Here's how I'm understanding it, again with a bit of help!!!

....

Sinc uses a band-limited approach to reconstruct the original continuous signal. But computing a fresh sinc for every fractional position would be super expensive. So we precompute lots of sinc kernels and whack 'em in a table.

The table has a bunch of rows - phases.
Each row contains taps - the weights that nearby samples get multiplied by. The more taps you have gives you a better frequency response, but more CPU usage.

Each row is then a windowed sinc where 'k' is the taps integer offset from the centre sample, 'f' is the fractional position. You take a window function like Hann or Blackman-Harris, and that gentle fades the ends so that the limited sinc doesn't pre-ring.

After building the row, normalize it so it sums to 1. This keeps DC level stable.

Store all rows flat in a coeffs array, with some helpers to read the correct row - rowNearest and rowBlended.

Nearest gives you the closest phase row for the given fraction.
Blended gives the two neighbouring rows plus a blend factor, so you can crossfade across the two.

Then inside my RingDelay, my new 'getReadPos' function gives an integer index and a fractional part. This can be used with any of my interpolation methods (nearest, linear, cubic, lagrange3, and now sinc)

readSinc uses nearest. readSincBlended uses blended.

For each tap, lookup the neighbouring samples around i1, and multiply by the weights. Sum them up, and that gives the interpolated value.

So Cubic or Lagrange - uses 4 samples, and looks smooth. But is not truly band limited. It rolls off highs in the pass band, so things sound slightly dull. Stop band rejection is not great, so it can alias or cause whistle tones.

Windowed Sinc - approximates the ideal reconstruction. Much flatter passband so it keeps brightness. Much stronger stopband attenuation, so there is less aliasing. It is also linear phase, so transients don't get skewed. When you sweep the delay time, it stays clean and consistent. But it costs more CPU.

griffinboy

@Orvillain

That's exactly it.
And the cool thing about using a fir interpolator like this with multiple taps, is that you can SIMD it
Process 4 taps in one SIMD instruction cut CPU significantly.

Hise has XSIMD included.
You don't need to include it you can just use it in a c++ node

Oh but it has latency potentially to use this technique. So it's not good for certain uses where it's too fiddly to compensate latency in different places.
But it's good for delay effects and for reading samples from a buffer at a new speed.

Orvillain

So yeah, what I've implemented in my ring delay are the following:

Read Nearest: uses 1 sample. It is the worst quality in terms of aliasing and modulation smoothness. But the lowest CPU usage.
Read Linear: Uses 2 samples. It has audible HF loss, the aliasing is poor, but the modulation is a level above nearest. CPU usage is still low.
Read Cubic: Uses 4 samples. Somewhat noticeable HF roll-off, aliasing performance is fair, and the modulation is surprisingly smooth. Medium CPU usage.
Read Lagrange3: Uses 4 samples. Better HF retention than cubic, but still rolls off. Aliasing rejection is okay, but does let some junk through. Smooth modulation. Medium CPU usage.
Read Sinc: Has 16 taps, which means it takes 16 input samples around the read point and does 16 FMA's to produce one output sample. The passband is very flat, no HF loss. Aliasing performance is excellent. Modulation is excellent. CPU is relatively high - but here on my machine never spiked above 1%.
Read Sinc Blended: Also takes 16 input samples, but because we have a blend it performs 32 FMA's to produce one output sample. The passband is very flat, no HF loss. Aliasing performance is excellent. Modulation is excellent. CPU is relatively high - but here on my machine never spiked above 2%.

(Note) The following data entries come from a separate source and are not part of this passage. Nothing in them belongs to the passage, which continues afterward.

(* Let $\mathcal{C}^1, \mathcal{C}^2 \subset \mathbb{R}^l$, $p^1 \neq p^2$, and the growth distance algorithm be as described in the context, producing lower bounds $\beta^l_k > 0$ and upper bounds $\beta^u_k \in (0, \infty]$ on the ray intersection value. Then the relative gap $\beta^u_k/\beta^l_k - 1$ is monotonically decreasing (non-increasing) in $k$ over the iterations executed by the algorithm.
   Context: A proper convex (PC) set is a compact convex subset of $\mathbb{R}^l$ with nonempty interior. For compact convex $\mathcal{C}$: $B_r(x)$ is the closed Euclidean ball; inradius $r(\mathcal{C}, x) = \max\{r \ge 0 : B_r(x) \subset \mathcal{C}\}$; support function $s_v[\mathcal{C}](\lambda) = \max_{z \in \mathcal{C}} \langle \lambda, z\rangle$; support point function $s_p[\mathcal{C}](\lambda)$ is any (arbitrary) selection from $\arg\max_{z \in \mathcal{C}}\langle \lambda, z\rangle$. Setting: $\mathcal{C}^1$ is a PC set, $\mathcal{C}^2 \ne \emptyset$ compact convex, $p^1 \in \operatorname{int}\mathcal{C}^1$, $p^2 \in \mathcal{C}^2$, $p^1 \ne p^2$, $\underline r = r(\mathcal{C}^1,p^1) + r(\mathcal{C}^2,p^2)$. Let $p = p^2 - p^1$ and $\mathcal{C} = \mathcal{C}^1 - \mathcal{C}^2 + \{p\}$, so $B_{\underline r}(0) \subset \mathcal{C}$; $s_v[\mathcal{C}](\lambda) = s_v[\mathcal{C}^1](\lambda) + s_v[\mathcal{C}^2](-\lambda) + \langle\lambda, p\rangle$, $s_p[\mathcal{C}](\lambda) = s_p[\mathcal{C}^1](\lambda) - s_p[\mathcal{C}^2](-\lambda) + p$. The ray intersection problem is: maximize $\beta$ subject to $z \in \mathcal{C}$, $z = \beta p$. Algorithm. Initialization ($k=0$): $M^o_0 = \emptyset$, $\beta^u_0 = \infty$; $M^i_0 = \{-l+1,\dots,0\}$; choose $l-1$ linearly independent unit vectors $p^\perp_m$ orthogonal to $p$ and set $z_m = K p^\perp_m + \epsilon p/\|p\|$ ($m=-l+1,\dots,-1$), $z_0 = l\epsilon p/\|p\| - \sum_{m=-l+1}^{-1} z_m$, with $\epsilon, K > 0$ such that $\|z_m\| \le \underline r$; $M^{i*}_0 = M^i_0$, $\beta^l_0 = \epsilon/\|p\|$, $\lambda_0 = p/\|p\|_\infty$. Iteration $k \ge 1$: $z_k = s_p[\mathcal{C}](\lambda_{k-1})$, $v_k = s_v[\mathcal{C}](\lambda_{k-1})$. Outer update: $M^o_k = \{m^*\}$ with $m^* \in \arg\min_{m \in M^o_{k-1}\cup\{k\}} v_m/\langle\lambda_{m-1},p\rangle$, and $\beta^u_k = \min\{\beta^u_{k-1}, v_k/\langle\lambda_{k-1},p\rangle\}$. Inner update: $M^i_k = M^i_{k-1}\cup\{k\}$; solve the LP $\min \sum_{m\in M^i_k}\nu_m$ s.t. $\sum_{m\in M^i_k}\nu_m z_m = p$, $\nu \ge 0$ by the primal Simplex method started from basis $M^{i*}_{k-1}$ (most-negative reduced cost entering rule, minimum-ratio leaving rule, Bland's anti-cycling rule), obtaining optimal basis $M^{i*}_k$ and optimal value $(\beta^l_k)^{-1}$; optionally prune $M^i_k$ to any subset containing $M^{i*}_k$; set $\lambda_k = Z^{-\top}\mathbf{1}$ with $Z = [z_{m_1}\cdots z_{m_l}]$, $\{m_1,\dots,m_l\} = M^{i*}_k$, then $\lambda_k \leftarrow \lambda_k/\|\lambda_k\|_\infty$. Stop when $\beta^u_k/\beta^l_k - 1 < \epsilon_{tol}$ or $k = K_{max}$. *)

From mathcomp Require Import all_boot all_order all_algebra.
From mathcomp Require Import all_classical all_reals all_analysis.
Import Order.TTheory GRing.Theory Num.Theory.
Import numFieldTopology.Exports numFieldNormedType.Exports.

It will be interesting when I get this stuff onto an embedded platform like the DaisySeed (ARM Cortex based) and then I can see how it all works out CPU-wise.

Orvillain

@griffinboy said in Ring Buffer design:

@Orvillain

That's exactly it.
And the cool thing about using a fir interpolator like this with multiple taps, is that you can SIMD it
Process 4 taps in one SIMD instruction cut CPU significantly.

Hise has XSIMD included.
You don't need to include it you can just use it in a c++ node

Oh but it has latency potentially to use this technique. So it's not good for certain uses where it's too fiddly to compensate latency in different places.
But it's good for delay effects and for reading samples from a buffer at a new speed.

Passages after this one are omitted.